What the exercise asks =
Your answer must hold only the lines below from the line containing "rewrite (rho_rsup mlY" through the line containing "move=> mg; apply: measurable_maxr;", each reproduced exactly.

*** Data Section Begins ***

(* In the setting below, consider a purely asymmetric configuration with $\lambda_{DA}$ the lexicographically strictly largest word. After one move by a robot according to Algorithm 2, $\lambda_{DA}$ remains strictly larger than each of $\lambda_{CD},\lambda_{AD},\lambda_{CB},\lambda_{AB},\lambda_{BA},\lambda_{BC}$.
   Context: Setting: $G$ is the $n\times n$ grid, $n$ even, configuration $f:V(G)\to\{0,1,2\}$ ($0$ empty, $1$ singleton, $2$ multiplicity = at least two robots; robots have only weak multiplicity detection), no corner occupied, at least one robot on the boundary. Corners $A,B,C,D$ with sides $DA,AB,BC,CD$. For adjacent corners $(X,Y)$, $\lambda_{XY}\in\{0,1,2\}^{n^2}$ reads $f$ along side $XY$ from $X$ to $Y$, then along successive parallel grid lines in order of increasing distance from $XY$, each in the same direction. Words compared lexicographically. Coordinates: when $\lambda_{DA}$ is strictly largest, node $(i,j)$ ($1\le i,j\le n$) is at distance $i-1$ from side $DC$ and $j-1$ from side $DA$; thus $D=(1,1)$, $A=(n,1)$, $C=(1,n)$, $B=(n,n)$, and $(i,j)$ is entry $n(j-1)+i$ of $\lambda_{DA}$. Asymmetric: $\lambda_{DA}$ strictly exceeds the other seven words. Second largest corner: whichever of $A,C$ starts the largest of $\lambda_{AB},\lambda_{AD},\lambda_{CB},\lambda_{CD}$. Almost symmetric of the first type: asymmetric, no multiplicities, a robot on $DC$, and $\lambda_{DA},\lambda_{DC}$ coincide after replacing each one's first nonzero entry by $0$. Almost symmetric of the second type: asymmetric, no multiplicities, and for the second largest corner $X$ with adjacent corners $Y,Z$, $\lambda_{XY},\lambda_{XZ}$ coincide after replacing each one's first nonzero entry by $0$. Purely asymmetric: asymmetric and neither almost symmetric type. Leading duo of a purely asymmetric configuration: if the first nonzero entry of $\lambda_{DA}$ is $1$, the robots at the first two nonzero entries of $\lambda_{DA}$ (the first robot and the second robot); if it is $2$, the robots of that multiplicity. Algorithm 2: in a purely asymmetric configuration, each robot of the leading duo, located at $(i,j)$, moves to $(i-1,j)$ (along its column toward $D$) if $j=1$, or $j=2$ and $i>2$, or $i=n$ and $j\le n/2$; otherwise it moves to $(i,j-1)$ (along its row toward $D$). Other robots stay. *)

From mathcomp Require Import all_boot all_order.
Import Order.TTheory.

*** Data Section Ends ***
*** Data Section Begins ***

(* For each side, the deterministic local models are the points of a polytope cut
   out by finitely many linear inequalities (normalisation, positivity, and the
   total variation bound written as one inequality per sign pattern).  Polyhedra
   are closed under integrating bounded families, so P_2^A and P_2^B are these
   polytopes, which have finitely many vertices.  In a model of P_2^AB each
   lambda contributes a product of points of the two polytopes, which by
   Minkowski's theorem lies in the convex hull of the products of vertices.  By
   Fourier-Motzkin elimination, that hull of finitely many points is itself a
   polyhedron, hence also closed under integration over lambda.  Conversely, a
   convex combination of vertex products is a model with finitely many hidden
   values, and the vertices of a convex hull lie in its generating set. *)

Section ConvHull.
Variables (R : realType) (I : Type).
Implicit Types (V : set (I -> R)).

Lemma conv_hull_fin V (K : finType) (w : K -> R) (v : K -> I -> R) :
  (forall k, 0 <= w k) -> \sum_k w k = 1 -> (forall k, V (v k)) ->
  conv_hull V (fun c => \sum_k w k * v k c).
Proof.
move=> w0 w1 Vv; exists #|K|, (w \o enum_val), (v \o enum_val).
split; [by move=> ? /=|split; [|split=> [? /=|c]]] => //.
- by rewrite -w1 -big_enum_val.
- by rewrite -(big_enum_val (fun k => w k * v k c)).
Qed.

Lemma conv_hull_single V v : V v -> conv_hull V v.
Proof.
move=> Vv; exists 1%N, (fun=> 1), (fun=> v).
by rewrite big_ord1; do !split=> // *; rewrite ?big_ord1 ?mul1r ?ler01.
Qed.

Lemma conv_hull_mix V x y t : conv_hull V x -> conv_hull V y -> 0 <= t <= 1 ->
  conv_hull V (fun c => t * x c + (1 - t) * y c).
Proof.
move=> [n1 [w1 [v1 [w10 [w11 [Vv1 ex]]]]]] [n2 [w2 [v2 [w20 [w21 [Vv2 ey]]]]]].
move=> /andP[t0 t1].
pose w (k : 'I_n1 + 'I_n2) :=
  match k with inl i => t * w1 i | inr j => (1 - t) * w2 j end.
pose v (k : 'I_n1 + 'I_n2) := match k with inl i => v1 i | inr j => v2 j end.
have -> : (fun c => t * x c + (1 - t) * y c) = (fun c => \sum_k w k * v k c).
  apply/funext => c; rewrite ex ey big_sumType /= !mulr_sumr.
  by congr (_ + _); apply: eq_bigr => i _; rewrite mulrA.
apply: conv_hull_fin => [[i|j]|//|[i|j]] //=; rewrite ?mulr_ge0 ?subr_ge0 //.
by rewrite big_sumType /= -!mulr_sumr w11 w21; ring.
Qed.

*** Data Section Ends ***
*** Data Section Begins ***

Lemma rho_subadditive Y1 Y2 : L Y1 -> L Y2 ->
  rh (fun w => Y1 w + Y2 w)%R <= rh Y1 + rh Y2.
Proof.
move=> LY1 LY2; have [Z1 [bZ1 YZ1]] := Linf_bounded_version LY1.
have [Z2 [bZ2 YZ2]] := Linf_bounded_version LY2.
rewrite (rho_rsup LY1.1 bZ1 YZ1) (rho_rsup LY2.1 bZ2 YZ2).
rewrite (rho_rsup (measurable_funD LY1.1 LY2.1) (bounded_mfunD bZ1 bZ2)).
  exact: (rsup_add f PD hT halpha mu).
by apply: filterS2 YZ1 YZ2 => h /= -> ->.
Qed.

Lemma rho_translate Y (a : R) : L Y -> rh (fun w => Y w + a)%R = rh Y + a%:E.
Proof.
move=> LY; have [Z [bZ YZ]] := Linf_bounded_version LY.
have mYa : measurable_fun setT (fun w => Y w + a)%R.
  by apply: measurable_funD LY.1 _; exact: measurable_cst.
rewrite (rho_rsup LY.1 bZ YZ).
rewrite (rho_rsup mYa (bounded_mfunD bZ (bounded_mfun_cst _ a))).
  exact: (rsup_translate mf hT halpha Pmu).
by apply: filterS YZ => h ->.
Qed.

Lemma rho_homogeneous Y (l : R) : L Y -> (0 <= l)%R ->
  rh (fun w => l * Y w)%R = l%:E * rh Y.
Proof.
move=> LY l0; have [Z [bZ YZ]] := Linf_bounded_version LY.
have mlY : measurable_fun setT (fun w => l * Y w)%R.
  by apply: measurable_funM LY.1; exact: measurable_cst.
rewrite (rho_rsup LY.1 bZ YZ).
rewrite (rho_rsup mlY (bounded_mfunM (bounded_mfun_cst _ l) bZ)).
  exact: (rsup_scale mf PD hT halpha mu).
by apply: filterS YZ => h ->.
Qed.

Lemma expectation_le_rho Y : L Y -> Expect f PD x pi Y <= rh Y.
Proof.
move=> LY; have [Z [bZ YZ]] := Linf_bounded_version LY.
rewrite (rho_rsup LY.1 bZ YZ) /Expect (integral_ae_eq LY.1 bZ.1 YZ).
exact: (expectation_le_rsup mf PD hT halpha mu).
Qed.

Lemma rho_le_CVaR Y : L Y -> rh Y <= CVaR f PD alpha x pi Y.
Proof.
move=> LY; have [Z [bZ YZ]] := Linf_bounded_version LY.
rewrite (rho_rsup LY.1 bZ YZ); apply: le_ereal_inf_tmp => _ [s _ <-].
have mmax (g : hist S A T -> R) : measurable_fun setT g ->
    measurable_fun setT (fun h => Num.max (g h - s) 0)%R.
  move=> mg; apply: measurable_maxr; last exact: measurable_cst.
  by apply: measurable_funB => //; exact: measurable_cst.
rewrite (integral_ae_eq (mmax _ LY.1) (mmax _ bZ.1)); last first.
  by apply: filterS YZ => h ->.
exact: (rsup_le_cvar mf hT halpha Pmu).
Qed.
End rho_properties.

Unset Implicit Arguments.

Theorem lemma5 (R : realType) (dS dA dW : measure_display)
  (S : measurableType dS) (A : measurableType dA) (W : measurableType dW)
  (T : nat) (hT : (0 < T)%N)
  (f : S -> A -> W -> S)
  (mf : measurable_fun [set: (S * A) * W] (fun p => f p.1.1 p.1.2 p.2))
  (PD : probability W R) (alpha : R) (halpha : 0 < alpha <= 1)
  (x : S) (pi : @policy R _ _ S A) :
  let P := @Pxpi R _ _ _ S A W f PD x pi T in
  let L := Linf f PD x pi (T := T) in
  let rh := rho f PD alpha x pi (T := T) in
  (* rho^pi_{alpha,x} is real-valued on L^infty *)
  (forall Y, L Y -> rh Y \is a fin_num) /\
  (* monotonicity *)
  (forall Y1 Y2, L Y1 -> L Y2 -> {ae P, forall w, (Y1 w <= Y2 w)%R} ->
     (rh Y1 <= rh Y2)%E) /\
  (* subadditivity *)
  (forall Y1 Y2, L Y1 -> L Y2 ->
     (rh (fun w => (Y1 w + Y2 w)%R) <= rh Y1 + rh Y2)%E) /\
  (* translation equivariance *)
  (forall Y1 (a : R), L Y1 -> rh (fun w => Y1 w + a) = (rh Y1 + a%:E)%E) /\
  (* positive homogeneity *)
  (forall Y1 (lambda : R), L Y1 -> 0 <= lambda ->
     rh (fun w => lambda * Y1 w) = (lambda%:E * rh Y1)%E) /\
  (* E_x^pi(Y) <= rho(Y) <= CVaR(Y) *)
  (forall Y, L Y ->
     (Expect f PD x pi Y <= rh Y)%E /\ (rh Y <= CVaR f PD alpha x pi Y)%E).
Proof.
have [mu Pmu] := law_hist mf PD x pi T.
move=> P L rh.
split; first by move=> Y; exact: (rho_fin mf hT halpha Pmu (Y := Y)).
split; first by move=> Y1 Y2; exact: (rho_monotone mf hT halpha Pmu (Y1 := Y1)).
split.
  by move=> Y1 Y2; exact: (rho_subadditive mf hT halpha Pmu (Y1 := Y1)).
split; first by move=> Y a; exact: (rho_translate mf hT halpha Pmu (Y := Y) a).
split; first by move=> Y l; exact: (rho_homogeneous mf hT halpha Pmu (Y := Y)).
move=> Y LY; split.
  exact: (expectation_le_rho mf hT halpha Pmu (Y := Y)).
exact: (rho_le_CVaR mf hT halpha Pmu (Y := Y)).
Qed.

*** Data Section Ends ***

Answer to this task =
rewrite (rho_rsup mlY (bounded_mfunM (bounded_mfun_cst _ l) bZ)).
  exact: (rsup_scale mf PD hT halpha mu).
by apply: filterS YZ => h ->.
Qed.

Lemma expectation_le_rho Y : L Y -> Expect f PD x pi Y <= rh Y.
Proof.
move=> LY; have [Z [bZ YZ]] := Linf_bounded_version LY.
rewrite (rho_rsup LY.1 bZ YZ) /Expect (integral_ae_eq LY.1 bZ.1 YZ).
exact: (expectation_le_rsup mf PD hT halpha mu).
Qed.

Lemma rho_le_CVaR Y : L Y -> rh Y <= CVaR f PD alpha x pi Y.
Proof.
move=> LY; have [Z [bZ YZ]] := Linf_bounded_version LY.
rewrite (rho_rsup LY.1 bZ YZ); apply: le_ereal_inf_tmp => _ [s _ <-].
have mmax (g : hist S A T -> R) : measurable_fun setT g ->
    measurable_fun setT (fun h => Num.max (g h - s) 0)%R.
  move=> mg; apply: measurable_maxr; last exact: measurable_cst.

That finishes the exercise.